_Exercise:_ Once the line with "Lemma Omega_plus_countE (A" is found in the entries below, repeat it and each following line exactly, up to and including the line with "Q =1 Q' -> count_maps". Add no other lines.

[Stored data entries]
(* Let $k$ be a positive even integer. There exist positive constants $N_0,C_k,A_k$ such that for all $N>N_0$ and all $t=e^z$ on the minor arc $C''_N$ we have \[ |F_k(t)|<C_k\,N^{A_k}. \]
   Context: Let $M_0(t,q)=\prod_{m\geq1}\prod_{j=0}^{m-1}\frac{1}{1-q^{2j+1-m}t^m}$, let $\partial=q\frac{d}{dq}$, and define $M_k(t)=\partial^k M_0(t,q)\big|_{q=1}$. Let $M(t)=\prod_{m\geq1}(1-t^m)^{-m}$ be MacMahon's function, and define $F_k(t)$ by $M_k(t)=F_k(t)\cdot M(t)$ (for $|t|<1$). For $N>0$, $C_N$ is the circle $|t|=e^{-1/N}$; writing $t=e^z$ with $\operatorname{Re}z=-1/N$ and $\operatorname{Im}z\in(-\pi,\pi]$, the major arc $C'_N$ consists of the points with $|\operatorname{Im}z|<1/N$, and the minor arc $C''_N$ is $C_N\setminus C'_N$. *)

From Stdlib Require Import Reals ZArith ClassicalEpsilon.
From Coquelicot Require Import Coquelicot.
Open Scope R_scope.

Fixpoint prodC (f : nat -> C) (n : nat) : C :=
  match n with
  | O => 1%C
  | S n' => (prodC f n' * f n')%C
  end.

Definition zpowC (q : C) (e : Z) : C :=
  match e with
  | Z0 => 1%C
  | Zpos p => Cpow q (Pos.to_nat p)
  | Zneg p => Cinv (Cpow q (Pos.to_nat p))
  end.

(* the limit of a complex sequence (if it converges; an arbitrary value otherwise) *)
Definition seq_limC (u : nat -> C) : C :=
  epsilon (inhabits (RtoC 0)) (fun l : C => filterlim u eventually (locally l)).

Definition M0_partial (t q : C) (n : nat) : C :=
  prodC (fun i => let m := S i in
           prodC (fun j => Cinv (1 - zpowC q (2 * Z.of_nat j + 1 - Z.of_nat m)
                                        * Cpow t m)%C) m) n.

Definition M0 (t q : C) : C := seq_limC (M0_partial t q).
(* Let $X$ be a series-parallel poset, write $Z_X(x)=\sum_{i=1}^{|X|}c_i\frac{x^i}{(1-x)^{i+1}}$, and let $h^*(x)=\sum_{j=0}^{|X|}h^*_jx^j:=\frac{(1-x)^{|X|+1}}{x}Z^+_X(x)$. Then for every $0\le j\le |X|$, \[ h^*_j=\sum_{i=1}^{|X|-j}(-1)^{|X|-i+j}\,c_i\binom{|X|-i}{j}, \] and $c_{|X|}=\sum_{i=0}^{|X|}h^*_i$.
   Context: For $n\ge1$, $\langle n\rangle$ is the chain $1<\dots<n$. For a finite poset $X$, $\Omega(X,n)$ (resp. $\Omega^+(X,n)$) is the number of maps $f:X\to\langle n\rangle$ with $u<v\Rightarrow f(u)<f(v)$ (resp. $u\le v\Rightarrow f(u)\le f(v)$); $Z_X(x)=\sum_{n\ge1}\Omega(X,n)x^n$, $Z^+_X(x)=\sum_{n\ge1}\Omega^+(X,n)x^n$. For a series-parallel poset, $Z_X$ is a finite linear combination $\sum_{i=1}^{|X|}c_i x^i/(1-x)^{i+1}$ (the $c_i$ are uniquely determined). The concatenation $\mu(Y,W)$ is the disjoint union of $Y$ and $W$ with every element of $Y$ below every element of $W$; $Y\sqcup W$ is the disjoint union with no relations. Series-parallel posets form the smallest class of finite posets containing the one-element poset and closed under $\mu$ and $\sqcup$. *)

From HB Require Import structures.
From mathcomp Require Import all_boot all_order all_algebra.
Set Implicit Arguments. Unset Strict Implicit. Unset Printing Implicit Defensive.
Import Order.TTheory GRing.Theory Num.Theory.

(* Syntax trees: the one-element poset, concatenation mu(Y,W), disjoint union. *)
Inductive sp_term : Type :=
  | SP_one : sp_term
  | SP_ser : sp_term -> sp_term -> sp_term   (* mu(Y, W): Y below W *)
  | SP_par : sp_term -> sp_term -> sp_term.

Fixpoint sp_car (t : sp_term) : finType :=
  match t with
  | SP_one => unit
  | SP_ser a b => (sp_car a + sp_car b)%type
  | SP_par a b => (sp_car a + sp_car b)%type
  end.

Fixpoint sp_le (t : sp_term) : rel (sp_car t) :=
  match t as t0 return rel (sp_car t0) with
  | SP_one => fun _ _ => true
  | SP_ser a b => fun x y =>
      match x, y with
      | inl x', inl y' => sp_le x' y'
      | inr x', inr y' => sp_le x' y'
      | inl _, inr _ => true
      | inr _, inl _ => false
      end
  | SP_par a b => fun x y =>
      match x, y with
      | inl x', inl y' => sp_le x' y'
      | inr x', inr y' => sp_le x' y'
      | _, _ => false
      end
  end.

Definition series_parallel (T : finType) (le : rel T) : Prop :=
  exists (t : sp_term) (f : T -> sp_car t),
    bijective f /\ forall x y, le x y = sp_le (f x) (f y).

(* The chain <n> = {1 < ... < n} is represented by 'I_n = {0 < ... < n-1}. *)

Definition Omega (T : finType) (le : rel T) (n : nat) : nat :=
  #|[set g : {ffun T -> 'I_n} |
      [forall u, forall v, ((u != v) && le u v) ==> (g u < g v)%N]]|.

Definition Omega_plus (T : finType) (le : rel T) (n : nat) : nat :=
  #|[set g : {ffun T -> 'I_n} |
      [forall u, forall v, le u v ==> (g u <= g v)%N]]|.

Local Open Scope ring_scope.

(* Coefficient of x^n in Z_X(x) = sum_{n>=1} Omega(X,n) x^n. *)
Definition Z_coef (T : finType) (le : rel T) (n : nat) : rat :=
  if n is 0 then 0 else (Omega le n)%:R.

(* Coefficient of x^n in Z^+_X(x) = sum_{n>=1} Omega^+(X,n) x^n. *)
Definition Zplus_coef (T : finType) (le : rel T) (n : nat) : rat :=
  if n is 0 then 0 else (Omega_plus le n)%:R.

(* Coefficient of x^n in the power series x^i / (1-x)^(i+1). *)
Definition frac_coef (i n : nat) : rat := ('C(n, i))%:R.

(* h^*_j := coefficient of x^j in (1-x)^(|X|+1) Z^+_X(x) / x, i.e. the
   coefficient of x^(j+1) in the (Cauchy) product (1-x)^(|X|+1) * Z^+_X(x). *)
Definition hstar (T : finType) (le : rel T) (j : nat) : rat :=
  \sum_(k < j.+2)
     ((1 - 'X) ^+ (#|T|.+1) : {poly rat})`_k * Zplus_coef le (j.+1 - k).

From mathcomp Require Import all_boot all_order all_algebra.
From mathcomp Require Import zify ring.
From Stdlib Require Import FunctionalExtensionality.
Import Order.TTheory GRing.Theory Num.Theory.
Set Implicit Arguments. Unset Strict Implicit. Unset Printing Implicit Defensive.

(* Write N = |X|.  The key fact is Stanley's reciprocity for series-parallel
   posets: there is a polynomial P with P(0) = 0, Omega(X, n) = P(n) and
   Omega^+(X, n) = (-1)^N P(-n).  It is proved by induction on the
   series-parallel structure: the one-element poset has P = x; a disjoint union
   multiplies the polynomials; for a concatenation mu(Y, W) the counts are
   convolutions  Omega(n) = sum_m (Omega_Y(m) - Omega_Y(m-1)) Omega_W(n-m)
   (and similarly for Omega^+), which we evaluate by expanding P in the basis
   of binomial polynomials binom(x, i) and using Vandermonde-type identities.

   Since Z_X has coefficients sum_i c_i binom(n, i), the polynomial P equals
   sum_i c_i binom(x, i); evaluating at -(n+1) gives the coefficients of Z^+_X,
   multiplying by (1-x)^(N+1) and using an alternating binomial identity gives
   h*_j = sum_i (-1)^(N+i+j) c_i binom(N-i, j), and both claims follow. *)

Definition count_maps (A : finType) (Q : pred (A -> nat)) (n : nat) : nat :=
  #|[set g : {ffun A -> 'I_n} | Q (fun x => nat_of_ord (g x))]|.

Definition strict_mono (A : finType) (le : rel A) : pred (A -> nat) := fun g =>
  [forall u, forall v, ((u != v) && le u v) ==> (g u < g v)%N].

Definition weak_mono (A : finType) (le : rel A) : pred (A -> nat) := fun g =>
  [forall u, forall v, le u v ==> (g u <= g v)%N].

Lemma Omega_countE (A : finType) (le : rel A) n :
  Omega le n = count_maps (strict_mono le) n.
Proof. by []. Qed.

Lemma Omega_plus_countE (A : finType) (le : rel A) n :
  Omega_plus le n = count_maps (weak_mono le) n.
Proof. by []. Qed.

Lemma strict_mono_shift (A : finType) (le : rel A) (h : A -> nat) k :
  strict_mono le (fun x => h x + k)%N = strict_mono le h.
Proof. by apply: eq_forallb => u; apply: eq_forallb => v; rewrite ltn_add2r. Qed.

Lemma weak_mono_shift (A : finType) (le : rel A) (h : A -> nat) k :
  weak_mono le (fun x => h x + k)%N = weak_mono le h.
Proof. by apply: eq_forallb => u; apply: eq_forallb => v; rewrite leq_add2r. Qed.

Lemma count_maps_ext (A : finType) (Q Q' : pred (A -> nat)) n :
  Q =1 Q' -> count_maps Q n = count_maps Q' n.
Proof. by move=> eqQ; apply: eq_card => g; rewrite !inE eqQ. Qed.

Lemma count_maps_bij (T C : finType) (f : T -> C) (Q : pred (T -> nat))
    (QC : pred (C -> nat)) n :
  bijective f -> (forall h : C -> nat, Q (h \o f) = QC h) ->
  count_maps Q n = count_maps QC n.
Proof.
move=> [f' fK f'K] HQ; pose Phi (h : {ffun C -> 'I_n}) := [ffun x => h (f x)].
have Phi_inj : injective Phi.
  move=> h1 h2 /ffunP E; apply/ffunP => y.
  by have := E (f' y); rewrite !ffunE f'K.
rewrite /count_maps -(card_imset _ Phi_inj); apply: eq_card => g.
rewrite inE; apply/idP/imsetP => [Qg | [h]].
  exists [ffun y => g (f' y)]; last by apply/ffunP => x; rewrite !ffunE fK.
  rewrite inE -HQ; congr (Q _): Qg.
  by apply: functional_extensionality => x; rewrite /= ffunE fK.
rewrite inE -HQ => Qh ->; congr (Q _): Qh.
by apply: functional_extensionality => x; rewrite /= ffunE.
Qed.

_Output of the exercise:_
Lemma Omega_plus_countE (A : finType) (le : rel A) n :
  Omega_plus le n = count_maps (weak_mono le) n.
Proof. by []. Qed.

Lemma strict_mono_shift (A : finType) (le : rel A) (h : A -> nat) k :
  strict_mono le (fun x => h x + k)%N = strict_mono le h.
Proof. by apply: eq_forallb => u; apply: eq_forallb => v; rewrite ltn_add2r. Qed.

Lemma weak_mono_shift (A : finType) (le : rel A) (h : A -> nat) k :
  weak_mono le (fun x => h x + k)%N = weak_mono le h.
Proof. by apply: eq_forallb => u; apply: eq_forallb => v; rewrite leq_add2r. Qed.

Lemma count_maps_ext (A : finType) (Q Q' : pred (A -> nat)) n :
  Q =1 Q' -> count_maps Q n = count_maps Q' n.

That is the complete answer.